United States Air Force major general (1922–2019)

Richard Bodycombe (April 29, 1922 – January 23, 2019) was a major general in the United States Air Force who served as commander of the United States Air Force Reserve Command, Headquarters U.S. Air Force, Washington D.C., and commander, Headquarters Air Force Reserve, a separate operating agency located at Robins Air Force Base, Georgia. As chief of Air Force Reserve he served as the principal adviser on Reserve matters to the Air Force Chief of Staff. As commander of AFRES he had full responsibility for the supervision of U.S. Air Force Reserve units around the world.

==Biography==
Bodycombe was born in Pittsburgh in 1922. He received bachelor and Master of Science degrees in education from the University of Michigan in 1948 and 1952, respectively, the latter under the Air Force's Bootstrap Program. He received his commission as a second lieutenant in May 1944, after completing flying training at Turner Field, Georgia. Following transition training in B-24s at Davis-Monthan Air Force Base, Arizona, he reported to the 782nd Bombardment Squadron, 465th Bombardment Group, 15th Air Force, in Italy. When hostilities ceased in Europe, Bodycombe returned to the United States and was released from active duty. Recalled to active duty in January 1949, he was assigned to the 60th Troop Carrier Group at Wiesbaden Air Base, Germany, to participate in the Berlin airlift. When Operation Vittles was concluded, Bodycombe was assigned to the 7167th Special Air Missions Squadron at Wiesbaden for the remainder of his three-year tour of duty.
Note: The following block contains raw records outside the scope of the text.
Definition analytic_in_D (R : realType) (f : R[i] -> R[i]) : Prop :=
  forall z : R[i], `|z| < 1 -> derivable (f : R[i]^o -> R[i]^o) z 1.

Definition entire (R : realType) (f : R[i] -> R[i]) : Prop :=
  forall z : R[i], derivable (f : R[i]^o -> R[i]^o) z 1.

Definition expi (R : realType) (t : R) : R[i] := cos t +i* sin t.

Definition cabs (R : realType) (c : R[i]) : R := complex.Re `|c|.

Definition cintegral (R : realType) (F : R -> R[i]) (a b : R) : R[i] :=
  Rintegral (@lebesgue_measure R) `[a, b] (fun t => complex.Re (F t)) +i*
  Rintegral (@lebesgue_measure R) `[a, b] (fun t => complex.Im (F t)).

Definition L1_02pi (R : realType) (g : R -> R[i]) : Prop :=
  (@lebesgue_measure R).-integrable `[0, 2 * pi] (EFin \o (fun t => complex.Re (g t))) /\
  (@lebesgue_measure R).-integrable `[0, 2 * pi] (EFin \o (fun t => complex.Im (g t))).

(* The space X is given by its norm N, defined on functions C -> C with values in
   [0, +oo]; X = analytic functions in D with finite norm. *)
Definition inX (R : realType) (N : (R[i] -> R[i]) -> \bar R) (f : R[i] -> R[i]) : Prop :=
  analytic_in_D f /\ (N f < +oo)%E.

Definition banach_of_analytic (R : realType) (N : (R[i] -> R[i]) -> \bar R) : Prop :=
  (forall f g : R[i] -> R[i], (forall z, `|z| < 1 -> f z = g z) -> N f = N g) /\
  [/\ (forall f, inX N f -> (0 <= N f)%E),
      (forall f, inX N f -> N f = 0%E -> forall z, `|z| < 1 -> f z = 0),
      (forall f (c : R[i]), inX N f -> N (fun z => c * f z) = ((cabs c)%:E * N f)%E),
      (forall f g, inX N f -> inX N g -> (N (fun z => (f z + g z)%R) <= N f + N g)%E) &
      (forall u : nat -> R[i] -> R[i], (forall n, inX N (u n)) ->
         (forall e : R, 0 < e -> exists M : nat, forall m n, (M <= m)%N -> (M <= n)%N ->
            (N (fun z => (u m z - u n z)%R) < e%:E)%E) ->
         exists f, inX N f /\ (fun n => N (fun z => (u n z - f z)%R)) @ \oo --> 0%E)].

Definition X_axioms (R : realType) (N : (R[i] -> R[i]) -> \bar R) : Prop :=
  [/\ banach_of_analytic N,
      (* (i) rotation invariance *)
      (forall f (t : R), inX N f -> N (fun z => f (z * expi t)) = N f),
      (* (ii) entire functions have finite norm *)
      (forall f, entire f -> (N f < +oo)%E) &
      (* (iii) convolution inequality *)
      (forall f (g : R -> R[i]), inX N f -> L1_02pi g ->
         let h := fun z => (2 * pi)^-1%:C * cintegral (fun t => f (z * expi t) * g t) 0 (2 * pi) in
         inX N h /\
         (N h <= ((2 * pi)^-1 * Rintegral (@lebesgue_measure R) `[0, 2 * pi] (fun t => cabs (g t)))%:E
                 * N f)%E)].

Definition is_polynomial_on_D (R : realType) (f : R[i] -> R[i]) : Prop :=
  exists q : {poly R[i]}, forall z, `|z| < 1 -> f z = q.[z].

Definition gauss_int (R : realType) (c : R[i]) : bool :=
  (complex.Re c \is a Num.int) && (complex.Im c \is a Num.int).

(* P_n[Z]: polynomials of degree at most n-1 with Gaussian-integer coefficients *)
Definition PnZ (R : realType) (n : nat) (p : {poly R[i]}) : Prop :=
  (size p <= n)%N /\ forall k : nat, gauss_int p`_k.

From mathcomp Require Import all_boot all_order all_algebra.
From mathcomp Require Import all_classical all_reals all_analysis.
From mathcomp Require Import complex.
From mathcomp Require Import ring lra zify.
Import Order.TTheory GRing.Theory Num.Theory.
Import numFieldNormedType.Exports.
Local Open Scope classical_set_scope.
Local Open Scope ring_scope.
Local Open Scope complex_scope.

Set Implicit Arguments.
Unset Strict Implicit.
Unset Printing Implicit Defensive.

(* Averaging [q(w^r z)] against the character [w^(-rk)] over the m-th roots of
   unity [w^r] isolates the monomial [q_k z^k]; by rotation invariance (i) and
   the triangle inequality this gives [|q_k| ||z^k|| <= ||q||].  If [||z^n||]
   stayed above some [d > 0], then for large [n, m] the polynomial [p_n - p_m]
   would have norm [< d], hence Gaussian-integer coefficients of modulus [< 1],
   hence vanish: the [p_n] would be eventually constant and [f] would be their
   common value on the disc. *)

Section PrimitiveRootSums.
Variables (F : idomainType) (m : nat) (w : F).
Hypothesis w_prim : m.-primitive_root w.

Lemma sum_prim_root_expr j :
  \sum_(r < m) (w ^+ j) ^+ r = if (m %| j)%N then m%:R else 0.
Proof.
case: ifP => [|/negbT]; rewrite (prim_order_dvd w_prim) => wj.
  by rewrite (eqP wj) (eq_bigr (fun=> 1)) ?sumr_const ?card_ord // => r; rewrite expr1n.
have := subrX1 (w ^+ j) m.
rewrite -exprM mulnC exprM (prim_expr_order w_prim) expr1n subrr => /esym/eqP.
by rewrite mulf_eq0 subr_eq0 (negbTE wj) => /eqP.
Qed.

Lemma horner_prim_root_average (q : {poly F}) k z :
  (size q <= m)%N -> (k < m)%N ->
  \sum_(r < m) w ^+ (r * (m - k)) * q.[w ^+ r * z] = m%:R * q`_k * z ^+ k.
Proof.
move=> qm km.
have dvd_shift j : (j < m)%N -> (m %| m - k + j)%N = (j == k).
  move=> jm; apply/idP/eqP => [/dvdnP[[|[|c]] hc]|->]; [lia|lia|nia|].
  by rewrite subnK ?dvdnn // ltnW.
have term r j : w ^+ (r * (m - k)) * (q`_j * (w ^+ r * z) ^+ j) =
    q`_j * z ^+ j * (w ^+ (m - k + j)) ^+ r.
  rewrite exprMn -!exprM mulnDl exprD [((m - k) * r)%N]mulnC [(j * r)%N]mulnC.
  by set a := w ^+ (r * (m - k)); set b := w ^+ (r * j); ring.
under eq_bigr => r _ do rewrite (horner_coef_wide _ qm) mulr_sumr.
rewrite exchange_big /=.
under eq_bigr => j _ do under eq_bigr => r _ do rewrite term.
under eq_bigr => j _ do rewrite -mulr_sumr sum_prim_root_expr dvd_shift //.
rewrite (bigD1 (Ordinal km)) //= eqxx big1 ?addr0; first by ring.
by move=> j /negbTE; rewrite -val_eqE /= => ->; rewrite mulr0.
Qed.

End PrimitiveRootSums.

Section ComplexFacts.
Variable R : realType.
Implicit Types (t : R) (z : R[i]).

Lemma derivable_horner (p : {poly R[i]}) z :
  derivable ((fun x => p.[x]) : R[i]^o -> R[i]^o) z 1.
Proof.
elim/poly_ind: p => [|p c ih].
  have -> : (fun x : R[i]^o => (0 : {poly R[i]}).[x]) = cst 0.
    by apply/funext => x; rewrite horner0.
  exact: derivable_cst.
have -> : (fun x : R[i]^o => (p * 'X + c%:P).[x]) =
    ((fun x : R[i]^o => p.[x]) * (@id R[i]^o)) + cst c.
  by apply/funext => x; rewrite !hornerE.
apply: derivableD; last exact: derivable_cst.
exact: (@derivableM R[i] R[i]^o _ id (z : R[i]^o) 1 ih (@derivable_id _ _ _ _)).
Qed.

Lemma expiD t1 t2 : expi t1 * expi t2 = expi (t1 + t2).
Proof. by rewrite /expi cosD sinD; simpc; congr (_ +i* _); ring. Qed.

Lemma expiX t n : expi t ^+ n = expi (n%:R * t).
Proof.
elim: n => [|n ih]; first by rewrite expr0 mul0r /expi cos0 sin0.
by rewrite exprSr ih expiD mulrSr mulrDl mul1r.
Qed.

Lemma expi_neq1 t : 0 < t < pi *+ 2 -> expi t != 1.
Proof.
move=> /andP[t0 t2pi]; apply/negP => /eqP[cos1 sin0].
have [tpi|tpi|tpi] := ltgtP t pi.
- by have := @sin_gt0_pi _ t; rewrite t0 tpi sin0 ltxx => /(_ isT).
- have := @sin_gt0_pi _ (t - pi); rewrite subr_gt0 tpi ltrBlDr -mulr2n t2pi.
  by rewrite -[sin _]opprK -sinDpi subrK sin0 oppr0 ltxx => /(_ isT).
- by move: cos1; rewrite tpi cospi; lra.
Qed.

Lemma expi_prim_root m : (0 < m)%N -> m.-primitive_root (expi (pi *+ 2 / m%:R : R)).
Proof.
move=> m0; set w := expi _.
have wX n : w ^+ n = expi (pi *+ 2 * (n%:R / m%:R)).
  by rewrite expiX; congr expi; rewrite mulrCA mulrA.
have wm : w ^+ m = 1.
  by rewrite wX divff ?pnatr_eq0 -?lt0n // mulr1 /expi cos2pi sin2pi.
have [d prim_d dm] := prim_order_exists m0 wm.
suff -> : m = d by [].
apply/eqP; rewrite eqn_leq (dvdn_leq m0 dm) andbT leqNgt; apply/negP => dltm.
have d0 := prim_order_gt0 prim_d.
suff : 0 < (pi *+ 2 : R) * (d%:R / m%:R) < pi *+ 2.
  by move=> t_range; have := expi_neq1 t_range; rewrite -wX (prim_expr_order prim_d) eqxx.
have pi2 : (0 : R) < pi *+ 2 by rewrite mulrn_wgt0 ?pi_gt0.
rewrite pmulr_rgt0 // gtr_pMr // divr_gt0 ?ltr0n //=.
by rewrite ltr_pdivrMr ?ltr0n // mul1r ltr_nat.
Qed.

Lemma cabsE z : `|z| = (cabs z)%:C.
Proof. by rewrite /cabs normc_def. Qed.

Lemma cabsM z1 z2 : cabs (z1 * z2) = cabs z1 * cabs z2.
Proof. by apply: complexI; rewrite rmorphM -!cabsE normrM. Qed.

Lemma cabs0 : cabs (0 : R[i]) = 0.
Proof. by rewrite /cabs normr0. Qed.

Lemma cabsN1 : cabs (-1 : R[i]) = 1.
Proof. by apply: complexI; rewrite -cabsE normrN1. Qed.

Lemma cabs_nat n : cabs (n%:R : R[i]) = n%:R.
Proof. by apply: complexI; rewrite -cabsE normr_nat rmorph_nat. Qed.

Lemma cabs_expi t : cabs (expi t) = 1.
Proof. by rewrite /cabs normc_def /= cos2Dsin2 sqrtr1. Qed.

Lemma Re_le_cabs z : `|complex.Re z| <= cabs z.
Proof.
rewrite /cabs normc_def /= -sqrtr_sqr ler_sqrt ?lerDl ?sqr_ge0 //.
by rewrite addr_ge0 ?sqr_ge0.
Qed.

Lemma Im_le_cabs z : `|complex.Im z| <= cabs z.
Proof.
rewrite /cabs normc_def /= -sqrtr_sqr ler_sqrt ?lerDr ?sqr_ge0 //.
by rewrite addr_ge0 ?sqr_ge0.
Qed.

Lemma gauss_intB z1 z2 : gauss_int z1 -> gauss_int z2 -> gauss_int (z1 - z2).
Proof. by case: z1 z2 => [x1 y1] [x2 y2] /andP[? ?] /andP[? ?]; rewrite /gauss_int !rpredB. Qed.
(* Let $q=3^{2n+1}$ and $q=q_0^r$ with $r\neq3$ an odd prime. Then for any subfield $\mathbb{F}_{q_1}$ of $\mathbb{F}_q$ there exists $\lambda\in\mathbb{F}_{q_0}$ such that $\mathrm{Tr}_{\mathbb{F}_q/\mathbb{F}_{q_1}}(\lambda)\in\mathbb{F}_{q_1}^\times$. In particular there exists $\lambda_1\in\mathbb{F}_{q_0}$ such that $\mathrm{Tr}_{\mathbb{F}_q/\mathbb{F}_{q_1}}(\lambda_1)=1$.
   Context: For $q=q_1^k$, $\mathrm{Tr}_{\mathbb{F}_q/\mathbb{F}_{q_1}}(x)=x+x^{q_1}+\dots+x^{q_1^{k-1}}$. *)

From mathcomp Require Import all_boot all_algebra all_field.
Set Implicit Arguments. Unset Strict Implicit. Unset Printing Implicit Defensive.
Import GRing.Theory.
Local Open Scope ring_scope.

Definition in_subfield (F : finFieldType) (q' : nat) (x : F) : bool :=
  x ^+ q' == x.

(* Tr_{F_q/F_{q1}}(x) = x + x^{q1} + ... + x^{q1^(k-1)}  where q = q1^k. *)
Definition trace (F : finFieldType) (q1 k : nat) (x : F) : F :=
  \sum_(i < k) x ^+ (q1 ^ i).

(** Every trace [Tr_{F_q/F_q1}(x)] lies in [F_q1], so only nonvanishing is at
    stake, and [lambda1] is then [lambda] divided by its trace.  Write
    [q = 3^N], [q0 = 3^m], [q1 = 3^j] with [m r = N = j k], and take
    [lambda = Tr_{F_q/F_q0}(y)].  If [j] divides [m], then
    [Tr_{F_q/F_q1}(lambda) = r Tr_{F_q/F_q1}(y)], as [lambda] is a sum of [r]
    conjugates of [y].  Otherwise the primality of [r] forces [j = g r] and
    [m = g k] with [k] and [r] coprime, and then
    [Tr_{F_q/F_q1}(lambda) = Tr_{F_q/F_{3^g}}(y)], because [r i + k s] runs
    over all residues modulo [r k].  As [r <> 3] and a trace is a nonzero
    polynomial of degree less than [q], a suitable [y] works in both cases. *)

From mathcomp Require Import all_boot all_algebra all_field.
Set Implicit Arguments. Unset Strict Implicit. Unset Printing Implicit Defensive.
Import GRing.Theory.

Lemma pfactor_root p N q r : prime p -> 0 < N ->
  p ^ N = q ^ r -> exists2 m, q = p ^ m & m * r = N.
Proof.
move=> p_pr N_gt0 pNqr; have p_gt1 := prime_gt1 p_pr.
have r_gt0 : 0 < r.
  rewrite lt0n; apply: contraTneq N_gt0 => r0.
  by move: pNqr; rewrite r0 expn0 -(expn0 p) => /eqP; rewrite eqn_exp2l // => /eqP ->.
have /(dvdn_pfactor _ _ p_pr) [m _ qE] : q %| p ^ N by rewrite pNqr dvdn_exp.
by exists m => //; apply/eqP; rewrite -(eqn_exp2l _ _ p_gt1) expnM -qE pNqr.
Qed.

Lemma prime_cofactor_split j k m r : prime r -> j * k = m * r ->
  ~~ (j %| m) -> exists g, [/\ j = g * r, m = g * k & coprime k r].
Proof.
move=> r_pr jkmr j_ndvd_m; have r_gt0 := prime_gt0 r_pr.
have r_cop_k : coprime r k.
  rewrite prime_coprime //; apply: contra j_ndvd_m => /dvdnP [k' kE].
  apply/dvdnP; exists k'; apply/eqP; rewrite -(eqn_pmul2r r_gt0) -jkmr kE.
  by rewrite mulnCA mulnA.
have /dvdnP [g jE] : r %| j by rewrite -(Gauss_dvdl j r_cop_k) jkmr dvdn_mull.
exists g; split=> //; last by rewrite coprime_sym.
by apply/eqP; rewrite -(eqn_pmul2r r_gt0) -jkmr jE mulnAC.
Qed.

Lemma eqn_mod_coprime_mul2l a d m n : coprime a d ->
  (a * m == a * n %[mod d]) = (m == n %[mod d]).
Proof.
move=> a_cop_d; wlog le_nm : m n / n <= m.
  by move=> wlog; case: (leqP n m) => [|/ltnW] /wlog // ; rewrite eq_sym [RHS]eq_sym.
rewrite !eqn_mod_dvd ?leq_mul2l ?le_nm ?orbT // -mulnBr Gauss_dvdr //.
by rewrite coprime_sym.
Qed.

Local Open Scope ring_scope.

Section FiniteFieldTrace.

Variable F : finFieldType.
Implicit Types (x y c : F) (q k a b d e : nat).

Lemma expr_pchar_sum q (I : Type) (s : seq I) (P : pred I) (f : I -> F) :
  [pchar F].-nat q -> (\sum_(i <- s | P i) f i) ^+ q = \sum_(i <- s | P i) f i ^+ q.
Proof.
move=> q_pchar; have /andP [q_gt0 _] := q_pchar.
apply: (big_morph (fun x : F => x ^+ q)); first by move=> x y; exact: exprDn_pchar.
by rewrite expr0n gtn_eqF.
Qed.

Lemma pchar_natX q e : [pchar F].-nat q -> [pchar F].-nat (q ^ e)%N.
Proof. by rewrite pnatX => ->. Qed.

Lemma pchar_nat_expn p e : p \in [pchar F] -> [pchar F].-nat (p ^ e)%N.
Proof. by move=> charFp; rewrite pnatX pnatE ?charFp ?(pcharf_prime charFp). Qed.

Lemma fixed_exprX q e x : x ^+ q = x -> x ^+ (q ^ e)%N = x.
Proof.
by move=> xq; elim: e => [|e IHe]; rewrite ?expr1 // expnSr exprM IHe xq.
Qed.

Lemma fixed_expr_modn q d e x :
  x ^+ (q ^ d)%N = x -> x ^+ (q ^ e)%N = x ^+ (q ^ (e %% d))%N.
Proof.
move=> xqd; rewrite {1}(divn_eq e d) expnD (mulnC (e %/ d)%N) expnM exprM.
by rewrite (fixed_exprX _ xqd).
Qed.

Lemma trace_expr q k P x : [pchar F].-nat P ->
  trace q k x ^+ P = trace q k (x ^+ P).
Proof.
by move=> P_pchar; rewrite /trace expr_pchar_sum //; apply: eq_bigr => i _; rewrite exprAC.
Qed.

Lemma trace_sum q k (I : Type) (s : seq I) (P : pred I) (f : I -> F) :
  [pchar F].-nat q ->
  trace q k (\sum_(i <- s | P i) f i) = \sum_(i <- s | P i) trace q k (f i).
Proof.
move=> q_pchar; rewrite /trace exchange_big /=; apply: eq_bigr => i _.
exact/expr_pchar_sum/pchar_natX.
Qed.

Lemma trace_scale q k c x : in_subfield q c ->
  trace q k (c * x) = c * trace q k x.
Proof.
move=> /eqP cq; rewrite /trace mulr_sumr; apply: eq_bigr => i _.
by rewrite exprMn (fixed_exprX _ cq).
Qed.

Lemma trace_in_subfield q k x : [pchar F].-nat q -> #|F| = (q ^ k)%N ->
  in_subfield q (trace q k x).
Proof.
move=> q_pchar cardF; apply/eqP; rewrite /trace expr_pchar_sum //.
case: k cardF => [|k] cardF; first by rewrite !big_ord0.
rewrite big_ord_recr big_ord_recl /= -exprM -expnSr -cardF expf_card addrC.
by congr (_ + _); apply: eq_bigr => i _; rewrite -exprM -expnSr.
Qed.

Lemma trace_conjugate q k a x : [pchar F].-nat q -> #|F| = (q ^ k)%N ->
  trace q k (x ^+ (q ^ a)%N) = trace q k x.
Proof.
move=> q_pchar cardF; rewrite -trace_expr ?pchar_natX //.
exact/fixed_exprX/eqP/trace_in_subfield.
Qed.

Lemma trace_tower q a b y : [pchar F].-nat q ->
  trace q (a * b)%N y = trace q a (trace (q ^ a)%N b y).
Proof.
move=> q_pchar; rewrite /trace -(big_mkord xpredT (fun t => y ^+ (q ^ t)%N)).
rewrite mulnC big_nat_mul big_mkord.
under [RHS]eq_bigr do rewrite expr_pchar_sum ?pchar_natX //.
rewrite [RHS]exchange_big /=; apply: eq_bigr => s _.
rewrite -{1}(add0n (s * a)%N) big_addn mulSn addnK big_mkord.
by apply: eq_bigr => i _; rewrite -exprM -expnM -expnD addnC mulnC.
Qed.

Lemma exists_nonroot (P : {poly F}) : P != 0 -> (size P <= #|F|)%N ->
  exists y, ~~ root P y.
Proof.
move=> P_neq0 sizeP; case: (pickP (fun y => ~~ root P y)) => [y Py | noroot].
  by exists y.
have all_roots : all (root P) (enum F) by apply/allP => y _; exact/negbFE/noroot.
by have := max_poly_roots P_neq0 all_roots (enum_uniq F); rewrite -cardE ltnNge sizeP.
Qed.

Lemma exists_trace_neq0 q k : (1 < q)%N -> #|F| = (q ^ k)%N -> exists y, trace q k y != 0.
Proof.
move=> q_gt1 cardF; have k_gt0 : (0 < k)%N.
  by rewrite lt0n; apply: contraTneq (card_finNzRing_gt1 F) => k0; rewrite cardF k0.
pose P : {poly F} := \sum_(i < k) 'X^(q ^ i).
have traceE y : trace q k y = P.[y].
  by rewrite horner_sum; apply: eq_bigr => i _; rewrite hornerXn.
have P_coef1 : P`_1 = 1.
  rewrite coef_sum (bigD1 (Ordinal k_gt0)) //= coefXn expn0 eqxx big1 ?addr0 // => i.
  by rewrite -val_eqE /= coefXn -(expn0 q) eqn_exp2l // eq_sym => /negPf ->.
have P_neq0 : P != 0.
  by apply/eqP => P0; move: P_coef1; rewrite P0 coef0 => /eqP; rewrite eq_sym oner_eq0.
have sizeP : (size P <= #|F|)%N.
  apply/leq_sizeP => t; rewrite cardF => le_t; rewrite coef_sum big1 // => i _.
  by rewrite coefXn gtn_eqF // (leq_trans _ le_t) // ltn_exp2l.
by have [y Py] := exists_nonroot P_neq0 sizeP; exists y; rewrite traceE.
Qed.

Lemma trace_coprime q a d x : x ^+ (q ^ d)%N = x -> coprime a d ->
  trace (q ^ a)%N d x = trace q d x.
Proof.
case: d => [|d] xqd a_cop_d; first by rewrite /trace !big_ord0.
pose h (i : 'I_d.+1) : 'I_d.+1 := inord (a * i %% d.+1)%N.
have h_inj : injective h.
  move=> i i' /(congr1 (@nat_of_ord _)); rewrite /h !inordK ?ltn_pmod // => /eqP.
  by rewrite eqn_mod_coprime_mul2l // !modn_small // => /eqP /val_inj.
rewrite /trace [RHS](reindex_inj h_inj); apply: eq_bigr => i _.
by rewrite inordK ?ltn_pmod // -expnM (fixed_expr_modn _ xqd).
Qed.

Lemma exists_subfield_trace_neq0 p N m r j k :
  p \in [pchar F] -> #|F| = (p ^ N)%N -> (m * r)%N = N -> (j * k)%N = N ->
  prime r -> r != p ->
  exists x, in_subfield (p ^ m)%N x /\ trace (p ^ j)%N k x != 0.
Proof.
move=> charFp cardF mrN jkN r_pr r_neq_p; have p_pr := pcharf_prime charFp.
have pX_gt1 e : (0 < e)%N -> (1 < p ^ e)%N.
  by move=> e_gt0; rewrite -(expn0 p) ltn_exp2l ?prime_gt1.
have N_gt0 : (0 < N)%N.
  by rewrite lt0n; apply: contraTneq (card_finNzRing_gt1 F) => N0; rewrite cardF N0.
have /andP [j_gt0 _] : (0 < j)%N && (0 < k)%N by rewrite -muln_gt0 jkN.
have subfield_trace y : in_subfield (p ^ m)%N (trace (p ^ m)%N r y).
  by apply: trace_in_subfield; rewrite ?pchar_nat_expn // -expnM mrN.
have [/dvdnP [d mE] | j_ndvd_m] := boolP (j %| m)%N.
  have q1_card : #|F| = ((p ^ j) ^ k)%N by rewrite -expnM jkN.
  have [y trace_y_neq0] := exists_trace_neq0 (pX_gt1 j j_gt0) q1_card.
  exists (trace (p ^ m)%N r y); split=> //.
  rewrite trace_sum ?pchar_nat_expn // (eq_bigr (fun=> trace (p ^ j)%N k y)) => [|s _]; last first.
    by rewrite mE mulnC expnM -expnM trace_conjugate ?pchar_nat_expn.
  rewrite sumr_const card_ord -mulr_natr mulf_neq0 // -(dvdn_pcharf charFp).
  by rewrite dvdn_prime2 // eq_sym.
have [g [jE mE k_cop_r]] := prime_cofactor_split r_pr (etrans jkN (esym mrN)) j_ndvd_m.
have g_gt0 : (0 < g)%N by move: j_gt0; rewrite jE muln_gt0 => /andP [].
have Q_card : #|F| = ((p ^ g) ^ (k * r))%N by rewrite -expnM mulnA -mE mrN.
have [y trace_y_neq0] := exists_trace_neq0 (pX_gt1 g g_gt0) Q_card.
exists (trace (p ^ m)%N r y); split=> //.
have /eqP := subfield_trace y; rewrite jE mE !expnM => x_fixed.
by rewrite trace_coprime 1?coprime_sym // -trace_tower ?pchar_nat_expn.
Qed.

End FiniteFieldTrace.

Theorem lemma4p3 (F : finFieldType) (n q0 r q1 k : nat) :
  #|F| = (3 ^ (2 * n + 1))%N ->
  (3 ^ (2 * n + 1) = q0 ^ r)%N ->
  prime r -> odd r -> r != 3%N ->
  (3 ^ (2 * n + 1) = q1 ^ k)%N ->
  (exists lambda : F, in_subfield q0 lambda /\
     in_subfield q1 (trace q1 k lambda) /\ trace q1 k lambda != 0) /\
  (exists lambda1 : F, in_subfield q0 lambda1 /\ trace q1 k lambda1 = 1).
Proof.
move=> cardF q0_pow r_pr _ r_neq3 q1_pow.
have charF3 : 3 \in [pchar F] by apply: (card_finPcharP cardF).
have N_gt0 : (0 < 2 * n + 1)%N by rewrite addn1.
have [m q0E mrN] := pfactor_root (isT : prime 3) N_gt0 q0_pow.
have [j q1E jkN] := pfactor_root (isT : prime 3) N_gt0 q1_pow.
have [x [x_in_q0 trace_x_neq0]] :=
  exists_subfield_trace_neq0 charF3 cardF mrN jkN r_pr r_neq3.
subst q0 q1; set t := trace (3 ^ j)%N k x in trace_x_neq0 *.
have t_in_q1 : in_subfield (3 ^ j)%N t.
  by apply: trace_in_subfield; rewrite ?pchar_nat_expn // -expnM jkN.
have t_in_q0 : in_subfield (3 ^ m)%N t.
  by rewrite /in_subfield trace_expr ?pchar_nat_expn // (eqP x_in_q0).
split; first by exists x.
exists (t^-1 * x); split.
  by rewrite /in_subfield exprMn exprVn (eqP t_in_q0) (eqP x_in_q0).
by rewrite trace_scale ?mulVf // /in_subfield exprVn (eqP t_in_q1).
Qed.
Bodycombe served for one year as aide to Major General Harry A. Johnson, commander, 10th Air Force, Selfridge Air Force Base, Michigan. Upon Johnson's retirement, Bodycombe's next assignment was to the 63rd Troop Carrier Wing, which was being organized at Altus Air Force Base, Oklahoma, in July 1953. He served as a C-124 aircraft commander in the 52nd Troop Carrier Squadron and later, when the 63rd Troop Carrier Wing transferred to Donaldson Air Force Base, South Carolina, he became assistant operations officer for the 63rd Troop Carrier Group.

In 1955 Bodycombe was selected for duty at the U.S. Air Force Academy, Lowry Air Force Base, Colorado, as part of the original cadre that set up the military training curriculum under the commandant of cadets. When Bodycombe reverted to Reserve status in February 1956 he was assigned to the 85th Troop Carrier Squadron at Chicago-O'Hare International Airport, flying C-46s. He then received a mobilization assignment to Headquarters 10th Air Force at Selfridge Air Force Base as an operations officer.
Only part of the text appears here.